From the entries below, retype only the lines from the one with "intros; unfold scal;" through the one with "apply filter_forall; intros.", exactly as written.

(Collected data entries)

• • • • •

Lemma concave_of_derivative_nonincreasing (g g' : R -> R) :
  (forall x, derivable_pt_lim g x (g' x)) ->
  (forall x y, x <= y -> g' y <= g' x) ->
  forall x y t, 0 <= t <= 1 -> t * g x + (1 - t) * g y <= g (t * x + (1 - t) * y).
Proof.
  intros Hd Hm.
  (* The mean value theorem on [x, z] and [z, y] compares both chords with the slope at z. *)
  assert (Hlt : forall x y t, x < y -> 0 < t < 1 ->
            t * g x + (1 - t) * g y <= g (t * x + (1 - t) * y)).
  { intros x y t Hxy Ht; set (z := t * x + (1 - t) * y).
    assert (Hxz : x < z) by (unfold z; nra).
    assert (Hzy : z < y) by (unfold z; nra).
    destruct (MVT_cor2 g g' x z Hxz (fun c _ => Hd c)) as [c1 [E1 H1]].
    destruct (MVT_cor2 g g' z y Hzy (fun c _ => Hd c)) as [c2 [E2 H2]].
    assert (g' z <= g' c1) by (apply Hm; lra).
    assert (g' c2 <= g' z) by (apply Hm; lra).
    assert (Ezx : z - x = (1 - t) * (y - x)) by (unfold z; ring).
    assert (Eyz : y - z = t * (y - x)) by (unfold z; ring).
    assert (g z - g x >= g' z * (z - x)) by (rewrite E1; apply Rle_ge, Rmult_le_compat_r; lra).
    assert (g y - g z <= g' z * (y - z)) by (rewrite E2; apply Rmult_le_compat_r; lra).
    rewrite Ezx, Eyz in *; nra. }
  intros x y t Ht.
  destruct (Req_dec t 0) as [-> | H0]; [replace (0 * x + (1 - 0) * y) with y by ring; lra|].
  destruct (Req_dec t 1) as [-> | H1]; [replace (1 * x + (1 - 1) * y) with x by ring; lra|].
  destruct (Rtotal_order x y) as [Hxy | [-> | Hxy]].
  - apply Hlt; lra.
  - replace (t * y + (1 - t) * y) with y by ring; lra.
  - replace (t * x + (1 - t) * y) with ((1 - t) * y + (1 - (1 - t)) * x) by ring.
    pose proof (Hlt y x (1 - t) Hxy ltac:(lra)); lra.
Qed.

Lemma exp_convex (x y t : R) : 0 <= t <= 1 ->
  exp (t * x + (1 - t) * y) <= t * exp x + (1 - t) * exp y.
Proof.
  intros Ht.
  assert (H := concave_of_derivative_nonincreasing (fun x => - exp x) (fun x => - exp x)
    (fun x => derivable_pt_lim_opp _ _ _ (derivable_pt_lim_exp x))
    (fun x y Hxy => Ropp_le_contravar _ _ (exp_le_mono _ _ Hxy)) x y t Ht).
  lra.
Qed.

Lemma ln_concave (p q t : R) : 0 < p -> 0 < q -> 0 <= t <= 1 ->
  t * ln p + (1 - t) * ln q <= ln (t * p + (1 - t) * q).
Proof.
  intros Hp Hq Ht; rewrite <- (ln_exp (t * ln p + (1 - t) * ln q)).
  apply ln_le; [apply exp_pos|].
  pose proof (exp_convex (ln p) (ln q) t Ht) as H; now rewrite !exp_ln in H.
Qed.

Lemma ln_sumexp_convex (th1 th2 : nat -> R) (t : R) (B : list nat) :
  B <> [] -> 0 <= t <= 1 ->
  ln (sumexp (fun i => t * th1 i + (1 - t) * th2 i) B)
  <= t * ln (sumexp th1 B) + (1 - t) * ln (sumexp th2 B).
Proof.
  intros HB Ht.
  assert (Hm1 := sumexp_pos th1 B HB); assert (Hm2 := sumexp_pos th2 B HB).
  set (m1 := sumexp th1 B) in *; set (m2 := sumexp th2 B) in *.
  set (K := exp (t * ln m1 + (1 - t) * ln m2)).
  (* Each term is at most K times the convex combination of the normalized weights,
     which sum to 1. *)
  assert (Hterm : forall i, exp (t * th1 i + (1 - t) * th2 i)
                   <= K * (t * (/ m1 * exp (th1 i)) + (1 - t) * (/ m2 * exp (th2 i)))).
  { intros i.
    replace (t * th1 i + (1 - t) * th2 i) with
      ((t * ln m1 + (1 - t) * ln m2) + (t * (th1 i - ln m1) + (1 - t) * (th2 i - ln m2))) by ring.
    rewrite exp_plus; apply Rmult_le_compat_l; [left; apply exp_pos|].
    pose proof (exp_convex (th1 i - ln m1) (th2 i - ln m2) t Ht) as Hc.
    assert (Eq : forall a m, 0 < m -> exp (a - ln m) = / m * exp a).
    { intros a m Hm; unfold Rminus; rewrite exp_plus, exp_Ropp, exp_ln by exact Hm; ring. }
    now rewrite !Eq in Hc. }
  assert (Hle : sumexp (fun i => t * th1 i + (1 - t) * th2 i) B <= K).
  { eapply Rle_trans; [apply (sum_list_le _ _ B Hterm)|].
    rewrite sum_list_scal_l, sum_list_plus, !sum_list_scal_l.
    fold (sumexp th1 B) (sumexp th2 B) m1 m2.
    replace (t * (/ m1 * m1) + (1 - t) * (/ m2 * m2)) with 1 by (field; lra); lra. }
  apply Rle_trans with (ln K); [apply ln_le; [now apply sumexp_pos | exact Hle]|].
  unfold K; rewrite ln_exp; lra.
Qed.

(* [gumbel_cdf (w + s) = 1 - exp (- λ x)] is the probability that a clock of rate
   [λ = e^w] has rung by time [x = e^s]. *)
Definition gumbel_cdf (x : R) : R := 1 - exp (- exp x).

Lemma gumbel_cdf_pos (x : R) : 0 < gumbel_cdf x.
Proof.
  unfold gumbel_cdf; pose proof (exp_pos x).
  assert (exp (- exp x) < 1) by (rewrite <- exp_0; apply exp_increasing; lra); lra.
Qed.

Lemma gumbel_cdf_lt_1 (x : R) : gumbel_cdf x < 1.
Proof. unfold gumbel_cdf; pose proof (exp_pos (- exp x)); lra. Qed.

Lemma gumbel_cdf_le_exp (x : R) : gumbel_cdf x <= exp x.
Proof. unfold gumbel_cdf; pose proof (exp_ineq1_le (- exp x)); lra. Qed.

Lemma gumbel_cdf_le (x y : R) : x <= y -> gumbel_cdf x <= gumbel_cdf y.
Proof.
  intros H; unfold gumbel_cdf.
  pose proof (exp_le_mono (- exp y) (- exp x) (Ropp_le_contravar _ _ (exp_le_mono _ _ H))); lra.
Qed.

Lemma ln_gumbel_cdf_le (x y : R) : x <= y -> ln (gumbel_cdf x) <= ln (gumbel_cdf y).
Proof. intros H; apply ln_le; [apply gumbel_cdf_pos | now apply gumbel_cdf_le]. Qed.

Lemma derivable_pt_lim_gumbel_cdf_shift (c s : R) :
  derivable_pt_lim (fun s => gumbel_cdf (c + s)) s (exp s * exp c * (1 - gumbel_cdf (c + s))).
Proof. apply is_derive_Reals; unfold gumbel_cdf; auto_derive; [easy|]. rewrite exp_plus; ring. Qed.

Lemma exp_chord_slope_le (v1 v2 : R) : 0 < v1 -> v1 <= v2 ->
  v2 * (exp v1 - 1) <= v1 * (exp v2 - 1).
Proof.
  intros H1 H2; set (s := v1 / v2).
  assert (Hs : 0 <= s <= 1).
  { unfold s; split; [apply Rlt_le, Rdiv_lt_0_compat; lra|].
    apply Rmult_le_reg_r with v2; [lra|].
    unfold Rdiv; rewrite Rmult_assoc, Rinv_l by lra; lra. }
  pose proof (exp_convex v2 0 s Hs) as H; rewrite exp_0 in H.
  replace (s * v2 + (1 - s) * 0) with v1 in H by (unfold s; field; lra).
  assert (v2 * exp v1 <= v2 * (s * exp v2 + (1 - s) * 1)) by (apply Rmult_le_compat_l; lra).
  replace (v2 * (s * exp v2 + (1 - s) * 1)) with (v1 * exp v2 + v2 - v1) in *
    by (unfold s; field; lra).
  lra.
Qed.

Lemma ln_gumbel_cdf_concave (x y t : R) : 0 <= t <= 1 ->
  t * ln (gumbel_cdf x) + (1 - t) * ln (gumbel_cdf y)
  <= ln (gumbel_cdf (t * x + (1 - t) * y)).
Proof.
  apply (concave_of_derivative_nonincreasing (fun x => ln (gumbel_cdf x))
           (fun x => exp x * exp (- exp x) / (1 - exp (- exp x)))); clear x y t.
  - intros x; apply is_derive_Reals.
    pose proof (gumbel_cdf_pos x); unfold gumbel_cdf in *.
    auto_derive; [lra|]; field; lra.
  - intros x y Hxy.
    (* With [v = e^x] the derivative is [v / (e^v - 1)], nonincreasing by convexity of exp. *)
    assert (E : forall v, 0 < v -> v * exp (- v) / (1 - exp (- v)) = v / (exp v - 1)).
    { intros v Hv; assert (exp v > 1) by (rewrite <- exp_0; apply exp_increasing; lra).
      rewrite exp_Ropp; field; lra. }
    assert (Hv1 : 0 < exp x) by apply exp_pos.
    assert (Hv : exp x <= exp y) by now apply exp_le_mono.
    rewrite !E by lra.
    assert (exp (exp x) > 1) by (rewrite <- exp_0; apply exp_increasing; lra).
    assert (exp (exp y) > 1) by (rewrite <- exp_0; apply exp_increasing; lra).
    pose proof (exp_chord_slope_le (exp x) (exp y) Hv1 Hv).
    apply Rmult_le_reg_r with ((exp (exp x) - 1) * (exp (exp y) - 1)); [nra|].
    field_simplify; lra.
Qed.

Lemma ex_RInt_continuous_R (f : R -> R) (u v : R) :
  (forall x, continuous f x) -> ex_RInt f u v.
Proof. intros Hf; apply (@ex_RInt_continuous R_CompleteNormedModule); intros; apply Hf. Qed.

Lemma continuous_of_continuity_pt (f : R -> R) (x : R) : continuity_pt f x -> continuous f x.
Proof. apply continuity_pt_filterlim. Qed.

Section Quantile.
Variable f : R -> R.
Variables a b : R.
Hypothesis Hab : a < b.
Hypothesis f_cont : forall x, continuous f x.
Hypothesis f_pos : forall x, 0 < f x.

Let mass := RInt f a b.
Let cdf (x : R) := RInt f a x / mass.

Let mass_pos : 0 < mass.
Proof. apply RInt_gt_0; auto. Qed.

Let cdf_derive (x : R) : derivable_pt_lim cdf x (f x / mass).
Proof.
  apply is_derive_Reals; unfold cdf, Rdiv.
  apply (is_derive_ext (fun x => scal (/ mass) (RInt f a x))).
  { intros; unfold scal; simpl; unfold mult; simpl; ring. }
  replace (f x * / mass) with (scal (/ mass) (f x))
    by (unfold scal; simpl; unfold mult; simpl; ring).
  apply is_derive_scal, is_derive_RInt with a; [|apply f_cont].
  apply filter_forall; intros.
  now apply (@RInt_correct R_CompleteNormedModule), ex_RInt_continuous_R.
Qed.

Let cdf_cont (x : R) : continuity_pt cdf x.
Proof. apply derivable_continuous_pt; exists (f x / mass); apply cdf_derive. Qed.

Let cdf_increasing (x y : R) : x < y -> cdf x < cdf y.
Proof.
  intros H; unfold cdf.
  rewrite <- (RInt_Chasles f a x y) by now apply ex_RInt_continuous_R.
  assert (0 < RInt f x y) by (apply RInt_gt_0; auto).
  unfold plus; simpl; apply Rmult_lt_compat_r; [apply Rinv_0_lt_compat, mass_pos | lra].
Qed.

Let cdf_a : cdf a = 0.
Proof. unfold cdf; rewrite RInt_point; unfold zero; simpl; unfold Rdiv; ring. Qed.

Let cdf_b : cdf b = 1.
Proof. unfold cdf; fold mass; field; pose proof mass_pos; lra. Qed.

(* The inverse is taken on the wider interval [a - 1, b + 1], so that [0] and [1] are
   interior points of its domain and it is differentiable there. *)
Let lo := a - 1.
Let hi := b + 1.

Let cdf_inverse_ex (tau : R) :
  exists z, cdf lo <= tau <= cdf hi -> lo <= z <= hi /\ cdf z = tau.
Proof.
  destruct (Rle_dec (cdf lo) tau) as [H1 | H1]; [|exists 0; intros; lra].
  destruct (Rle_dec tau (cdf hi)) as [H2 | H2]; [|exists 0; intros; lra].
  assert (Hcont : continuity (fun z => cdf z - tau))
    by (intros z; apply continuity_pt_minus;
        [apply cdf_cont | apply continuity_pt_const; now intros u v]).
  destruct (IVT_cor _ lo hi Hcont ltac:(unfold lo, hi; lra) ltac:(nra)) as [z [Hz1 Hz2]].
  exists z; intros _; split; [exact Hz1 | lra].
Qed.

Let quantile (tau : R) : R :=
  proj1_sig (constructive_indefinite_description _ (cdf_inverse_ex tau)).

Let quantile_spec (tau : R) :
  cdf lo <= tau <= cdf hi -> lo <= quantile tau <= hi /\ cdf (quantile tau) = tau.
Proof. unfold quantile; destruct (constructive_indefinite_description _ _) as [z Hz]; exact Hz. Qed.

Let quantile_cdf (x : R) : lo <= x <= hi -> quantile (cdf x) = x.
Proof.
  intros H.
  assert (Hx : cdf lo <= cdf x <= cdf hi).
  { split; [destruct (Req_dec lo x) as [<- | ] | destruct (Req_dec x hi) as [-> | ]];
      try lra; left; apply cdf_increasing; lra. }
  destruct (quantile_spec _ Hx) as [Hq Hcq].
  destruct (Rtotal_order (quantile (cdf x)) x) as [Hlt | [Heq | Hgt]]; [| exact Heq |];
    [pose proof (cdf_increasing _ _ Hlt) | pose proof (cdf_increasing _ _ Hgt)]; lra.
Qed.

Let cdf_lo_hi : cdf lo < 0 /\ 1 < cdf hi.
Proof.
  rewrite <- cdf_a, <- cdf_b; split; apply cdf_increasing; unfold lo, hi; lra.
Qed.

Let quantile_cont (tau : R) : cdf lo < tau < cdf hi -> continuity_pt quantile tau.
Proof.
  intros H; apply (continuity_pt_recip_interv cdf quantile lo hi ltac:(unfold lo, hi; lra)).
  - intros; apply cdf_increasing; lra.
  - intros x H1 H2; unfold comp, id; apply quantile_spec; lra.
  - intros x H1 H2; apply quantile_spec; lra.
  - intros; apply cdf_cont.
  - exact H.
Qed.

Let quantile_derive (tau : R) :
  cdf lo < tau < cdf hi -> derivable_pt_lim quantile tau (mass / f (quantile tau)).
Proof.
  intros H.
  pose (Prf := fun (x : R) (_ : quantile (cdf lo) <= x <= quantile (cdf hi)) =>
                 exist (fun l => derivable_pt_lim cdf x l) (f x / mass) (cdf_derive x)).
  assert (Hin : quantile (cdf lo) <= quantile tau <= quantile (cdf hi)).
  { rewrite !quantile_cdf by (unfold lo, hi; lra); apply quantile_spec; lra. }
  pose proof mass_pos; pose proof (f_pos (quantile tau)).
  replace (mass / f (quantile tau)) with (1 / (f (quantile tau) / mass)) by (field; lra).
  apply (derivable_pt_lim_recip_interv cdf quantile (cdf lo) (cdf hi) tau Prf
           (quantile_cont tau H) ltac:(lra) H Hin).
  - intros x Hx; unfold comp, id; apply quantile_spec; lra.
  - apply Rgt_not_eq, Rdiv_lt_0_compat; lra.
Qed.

• • • • •

▸ ANSWER SECTION:
  { intros; unfold scal; simpl; unfold mult; simpl; ring. }
  replace (f x * / mass) with (scal (/ mass) (f x))
    by (unfold scal; simpl; unfold mult; simpl; ring).
  apply is_derive_scal, is_derive_RInt with a; [|apply f_cont].
  apply filter_forall; intros.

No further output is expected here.